AI tools, particularly with cameras, could easily help to draw attention to the important parts of a scene. They could help bring relevant information into focus (e.g., what form elements are unfinished), or if they know what you are seeking, highlight relevant words on a page or in parts of a scene. Any number of possibilities come to mind. When entering a hotel room for the first time, people want to know where the light switches are, how to change the temperature, and where the outlets are to recharge their devices. Imagine looking through your glasses and having these things highlighted in your view.

Wayfinding

Given successes with Lidar and automated cars, it seems likely that the type of heads-up display I just mentioned could also bring into attention the highway exit you need to choose, that tucked away subway entrance, or the store you might be seeking in the mall. Much like game playing, it could show two views—the immediate scene in front of you, and a bird’s-eye map of the area and where you are in that space.

Memory/Language

We work with a number of major retailers and financial institutions who seek to provide personalization in their digital offerings. By getting evidence through search terms, clickstreams, communications, and surveys, one could easily see the organization and the terminology of the system being tailored to the individual. Video is a good example, where some customers might be just starting out and need a good camera for YouTube videos, while others might be seeking specific types of ENG (electronic news-gathering) cameras with 4:2:2 color, etc. Neither group really wants to see the other’s offerings in their search, and the language and detail that each group needs would be very different.

Decision Making

I have discussed the fact that problem solving is really a process of breaking down large problems into their component parts and solving each of these subproblems. In each step, you have to make decisions about your next move. Buying a printer is a good example. A design studio might want a larger-format printer with very accurate colors. A law firm might want legal paper handling, good multiuser functionality, and the ability to bill the printing back to the client automatically. A parent with school-aged kids might want a quick, durable color printer all family members can use. By asking a little about the needs of the individual, and supporting each of the microdecisions that need to be made along the way (e.g., What is the price? How much is toner? Can it print on different sizes of paper? Do I need double-sided printing? What reviews are there from families?), the ML/AI might be able to intuit the types of goals the individual might have. The individual’s location in the problem space might suggest exactly what that person should and shouldn’t be presented with at this time.

Emotion

Perhaps one of the most interesting possibilities is that increasingly accurate systems for detecting facial expressions, movement and speech patterns can ascertain the user’s emotional state, which could be used to moderate the amount presented on a screen, the words used (perhaps the user is overwhelmed and wants a simpler route to an answer).

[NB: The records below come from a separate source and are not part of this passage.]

(* Let $W\subseteq\mathbb{R}^m$ be a nonempty closed convex set with Euclidean projection $\Pi_W$, and let $g_1,\dots,g_n:\mathbb{R}^m\to\mathbb{R}$ be convex. Let $F=\frac1n\sum_{j=1}^n g_j$ be $\mu$-strongly convex on $W$ with $\mu>0$, and let $\boldsymbol{x}_*=\arg\min_{\boldsymbol{x}\in W}F(\boldsymbol{x})$. Let $b$ divide $n$, let $d=n/b$, and let $\tau_1,\dots,\tau_d$ be a partition of $\{1,\dots,n\}$ into sets of size $b$. Put $g_{\tau_i}=\frac1b\sum_{j\in\tau_i}g_j$. For each $i$, let $h_{\tau_i}(\boldsymbol{x})\in\partial g_{\tau_i}(\boldsymbol{x})$ be a subgradient selection with $\sup_{\boldsymbol{x}\in W}\|h_{\tau_i}(\boldsymbol{x})\|_2\le G_{\tau_i}$, where $G_{\tau_i}>0$. Set $$\overline{G}_\tau=\frac1d\sum_{i=1}^d G_{\tau_i},\qquad p(\tau_i)=\frac{G_{\tau_i}}{\sum_{j=1}^d G_{\tau_j}}.$$ Fix $\boldsymbol{x}_1\in W$ and run $$\boldsymbol{x}_{k+1}=\Pi_W\Big(\boldsymbol{x}_k-\frac{1}{\mu k}\cdot\frac{1}{d\,p(\tau_{i_k})}h_{\tau_{i_k}}(\boldsymbol{x}_k)\Big),$$ with batches drawn i.i.d. from $p$. For $\alpha\in(0,1)$, let $\bar{\boldsymbol{x}}_k^\alpha$ be the average of the last $\lceil\alpha k\rceil$ iterates $\boldsymbol{x}_{k-\lceil\alpha k\rceil+1},\dots,\boldsymbol{x}_k$, and set $m_\alpha=1+\log\frac1{\min(\alpha,1-\alpha)}$. Then there is an absolute constant $C$ such that for every $\varepsilon>0$ and every $$k\ge\frac{C(\overline{G}_\tau)^2m_\alpha}{\mu\varepsilon}$$ one has $\mathbb{E}^{(p)}[F(\bar{\boldsymbol{x}}_k^\alpha)-F(\boldsymbol{x}_* )]\le\varepsilon$.
   Context: $\mathbb{E}^{(p)}$ denotes expectation over the batch indices drawn i.i.d. from $p$. $\partial g$ denotes the convex subdifferential. *)

From Stdlib Require Import Reals.
From mathcomp Require Import all_boot.
Set Implicit Arguments. Unset Strict Implicit. Unset Printing Implicit Defensive.
Local Open Scope R_scope.

Definition vec (m : nat) := 'I_m -> R.
Definition vzero m : vec m := fun _ => 0.
Definition vadd m (x y : vec m) : vec m := fun i => x i + y i.
Definition vsub m (x y : vec m) : vec m := fun i => x i - y i.
Definition vscal m (a : R) (x : vec m) : vec m := fun i => a * x i.
Definition sumO (n : nat) (f : 'I_n -> R) : R := \big[Rplus/0]_(i < n) f i.
Definition dot m (x y : vec m) : R := sumO (fun i => x i * y i).
Definition vnorm m (x : vec m) : R := sqrt (dot x x).

Definition convex_Rm m (W : vec m -> Prop) : Prop :=
  forall x y t, W x -> W y -> 0 <= t <= 1 -> W (vadd (vscal t x) (vscal (1 - t) y)).
Definition closed_Rm m (W : vec m -> Prop) : Prop :=
  forall x, (forall eps, 0 < eps -> exists y, W y /\ vnorm (vsub x y) < eps) -> W x.
Definition convex_fun m (f : vec m -> R) : Prop :=
  forall x y t, 0 <= t <= 1 ->
    f (vadd (vscal t x) (vscal (1 - t) y)) <= t * f x + (1 - t) * f y.
Definition strongly_convex_on m (mu : R) (W : vec m -> Prop) (f : vec m -> R) : Prop :=
  forall x y t, W x -> W y -> 0 <= t <= 1 ->
    f (vadd (vscal t x) (vscal (1 - t) y))
      <= t * f x + (1 - t) * f y - mu / 2 * t * (1 - t) * (vnorm (vsub x y)) ^ 2.
Definition is_proj m (W : vec m -> Prop) (Pi : vec m -> vec m) : Prop :=
  forall y, W (Pi y) /\ (forall z, W z -> vnorm (vsub y (Pi y)) <= vnorm (vsub y z)).
Definition is_subgradient m (f : vec m -> R) (x h : vec m) : Prop :=
  forall y, f x + dot h (vsub y x) <= f y.

Definition avgF m n (g : 'I_n -> vec m -> R) (x : vec m) : R :=
  / INR n * \big[Rplus/0]_(j < n) g j x.
Definition batch_fun m n (S : {set 'I_n}) (b : nat) (g : 'I_n -> vec m -> R)
  (x : vec m) : R := / INR b * \big[Rplus/0]_(j in S) g j x.

Definition Gbar d (G : 'I_d -> R) : R := / INR d * sumO G.
Definition prob d (G : 'I_d -> R) (i : 'I_d) : R := G i / sumO G.

Definition ceil_nat (x : R) : nat := Z.to_nat (- Int_part (- x)).
Definition m_alpha (alpha : R) : R := 1 + ln (/ Rmin alpha (1 - alpha)).

Definition sgd_step m d (Pi : vec m -> vec m) (mu : R) (h : 'I_d -> vec m -> vec m)
  (G : 'I_d -> R) (k : nat) (i : 'I_d) (x : vec m) : vec m :=
  Pi (vsub x (vscal (/ (mu * INR k) * / (INR d * prob G i)) (h i x))).

(* sgd_run .. k x [:: i_k; ...; i_{k+N-1}] = [:: x_k; ...; x_{k+N}] with x_k = x *)
Fixpoint sgd_run m d (Pi : vec m -> vec m) (mu : R) (h : 'I_d -> vec m -> vec m)
  (G : 'I_d -> R) (k : nat) (x : vec m) (l : seq 'I_d) : seq (vec m) :=
  match l with
  | [::] => [:: x]
  | i :: l' => x :: sgd_run Pi mu h G k.+1 (sgd_step Pi mu h G k i x) l'
  end.

Definition tail_avg m (L : nat) (xs : seq (vec m)) : vec m :=
  vscal (/ INR L) (foldr (fun u v : vec m => vadd u v) (fun _ : 'I_m => 0) (drop (size xs - L)%N xs)).

(* expectation of f over N i.i.d. indices drawn from p:
   f is applied to [:: i_1; ...; i_N] *)
Fixpoint expectN d (p : 'I_d -> R) (N : nat) (f : seq 'I_d -> R) : R :=
  match N with
  | O => f [::]
  | S N' => \big[Rplus/0]_(i < d) (p i * expectN p N' (fun l => f (i :: l)))
  end.

(* Because batches are drawn with probability proportional to G_tau, the
   reweighted subgradient has second moment Gbar^2, so one projected step satisfies
     E|x' - z|^2 <= |x - z|^2 - 2/(mu k) (F x - F z + mu/2 |x - z|^2) + Gbar^2 / (mu k)^2
   for every z in W.  Summing this along the run bounds the expected regret of any stretch
   of iterates against any point by harmonic sums; with z = x_* it gives
   E|x_k - x_*|^2 <= 4 Gbar^2 / (mu^2 k).  Taking z to be the first iterate of a
   suffix yields a recurrence for the suffix sums S_j, the expected sum of F x_t - F x_* over
   the last j of T iterates, as in the analysis of suffix averaging by Shamir and Zhang; it telescopes
   from j = ceil(alpha T) up to about T / 2, where the distance bound takes over.  The harmonic
   sums over these ranges contribute the log (1 / min(alpha, 1 - alpha)), and Jensen's
   inequality passes from S_j / j to the averaged iterate. *)

From HB Require Import structures.
From Stdlib Require Import Reals Lra Lia ZArith FunctionalExtensionality.
From mathcomp Require Import all_boot zify.
Set Implicit Arguments. Unset Strict Implicit. Unset Printing Implicit Defensive.
Local Open Scope R_scope.

(** * Sums, vectors and projections *)

HB.instance Definition _ := Monoid.isComLaw.Build R 0 Rplus
  (fun a b c => esym (Rplus_assoc a b c)) Rplus_comm Rplus_0_l.
HB.instance Definition _ := Monoid.isMulLaw.Build R 0 Rmult Rmult_0_l Rmult_0_r.
HB.instance Definition _ := Monoid.isAddLaw.Build R Rmult Rplus
  Rmult_plus_distr_r Rmult_plus_distr_l.

Lemma ler_sumR (I : Type) (r : seq I) (P : pred I) (F1 F2 : I -> R) :
  (forall i, P i -> F1 i <= F2 i) ->
  \big[Rplus/0]_(i <- r | P i) F1 i <= \big[Rplus/0]_(i <- r | P i) F2 i.
Proof. by move=> le12; apply: (big_ind2 Rle) => [|*|]; [lra|lra|]. Qed.

Lemma sumR_ge0 (I : Type) (r : seq I) (P : pred I) (F : I -> R) :
  (forall i, P i -> 0 <= F i) -> 0 <= \big[Rplus/0]_(i <- r | P i) F i.
Proof. by move=> F_ge0; apply: (big_ind (Rle 0)) => [|*|]; [lra|lra|]. Qed.

Lemma sumR_const_ord n a : \big[Rplus/0]_(i < n) a = INR n * a.
Proof. by elim: n => [|n IH]; rewrite ?big_ord0 ?big_ord_recr ?IH ?S_INR /=; ring. Qed.

Lemma sumR_const_seq (I : Type) (r : seq I) a : \big[Rplus/0]_(i <- r) a = INR (size r) * a.
Proof.
elim: r => [|i r IH]; first by rewrite big_nil /=; ring.
by rewrite big_cons IH (S_INR (size r)); ring.
Qed.

Lemma sumRB_const (I : Type) (r : seq I) (f : I -> R) a :
  \big[Rplus/0]_(i <- r) (f i - a) = \big[Rplus/0]_(i <- r) f i - INR (size r) * a.
Proof.
have -> : INR (size r) * a = - \big[Rplus/0]_(i <- r) (- a) by rewrite sumR_const_seq; ring.
by rewrite /Rminus Ropp_involutive -big_split.
Qed.

Lemma INR_gt0 n : (0 < n)%N -> 0 < INR n.
Proof. by move=> n_gt0; apply/lt_0_INR/ltP. Qed.

Lemma le_INR_double a b : (a <= 2 * b)%N -> INR a <= 2 * INR b.
Proof. by move/leP/le_INR; rewrite mult_INR /=; lra. Qed.

Lemma le0_of_le_vanishing a b : (forall s, 0 < s <= 1 -> a <= s * b) -> a <= 0.
Proof.
move=> H; case: (Rle_lt_dec a 0) => // a_gt0.
have b_le := Rle_abs b; have b_ge0 := Rabs_pos b.
set s := a / (Rabs b + a + 1).
have s_a : s * (Rabs b + a + 1) = a by rewrite /s; field; lra.
have s_gt0 : 0 < s by apply: Rdiv_lt_0_compat; lra.
have : a <= s * b by apply: H; split => //; nra.
nra.
Qed.

Lemma ln_le x y : 0 < x -> x <= y -> ln x <= ln y.
Proof.
move=> x_gt0 /Rle_lt_or_eq_dec [lt_xy|->]; last exact: Rle_refl.
exact/Rlt_le/ln_increasing.
Qed.

Definition sqnorm m (x : vec m) := dot x x.

Lemma vec_ext m (x y : vec m) : (forall i, x i = y i) -> x = y.
Proof. exact: functional_extensionality. Qed.

Section Dot.
Variable m : nat.
Implicit Types (x y z : vec m) (a : R).

Lemma dotC x y : dot x y = dot y x.
Proof. by apply: eq_bigr => i _; ring. Qed.

Lemma dotDl x y z : dot (vadd x y) z = dot x z + dot y z.
Proof. by rewrite /dot /sumO -big_split; apply: eq_bigr => i _ /=; rewrite /vadd; ring. Qed.

Lemma dotZl a x z : dot (vscal a x) z = a * dot x z.
Proof. by rewrite /dot /sumO big_distrr; apply: eq_bigr => i _ /=; rewrite /vscal; ring. Qed.

Lemma dotBl x y z : dot (vsub x y) z = dot x z - dot y z.
Proof.
have -> : vsub x y = vadd x (vscal (-1) y) by apply: vec_ext => i; rewrite /vsub /vadd /vscal; ring.
by rewrite dotDl dotZl; ring.
Qed.

Lemma dotBr x y z : dot z (vsub x y) = dot z x - dot z y.
Proof. by rewrite dotC dotBl !(dotC z). Qed.

Lemma dotZr a x z : dot z (vscal a x) = a * dot z x.
Proof. by rewrite dotC dotZl dotC. Qed.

Endless possibilities abound, but they all revolve around what the individual is trying to accomplish, how they think they can accomplish it, what they are looking for right now, the words they expect, how they believe they can interact with the system, and where they are looking. I hope that framing your problem in terms of the Six Minds will allow you and your team to exceed all previous attempts at satisfying your users with a brilliant experience. I hope you can heighten every one of your users’ cognitive processes in reality, just as that fictional team of scientists augmented the physical capabilities of the Six Million Dollar Man.

Concrete Recommendations

• Suggest different ways of training AI systems explicitly for semantics (rather than skipping this).
• Consider explicitly training AI systems in specific types of syntactic patterns that were less common in the findings you collected.
• Think about how you want to augment cognition (directing attention, encouraging certain kinds of interactions, providing information persuasively, etc.).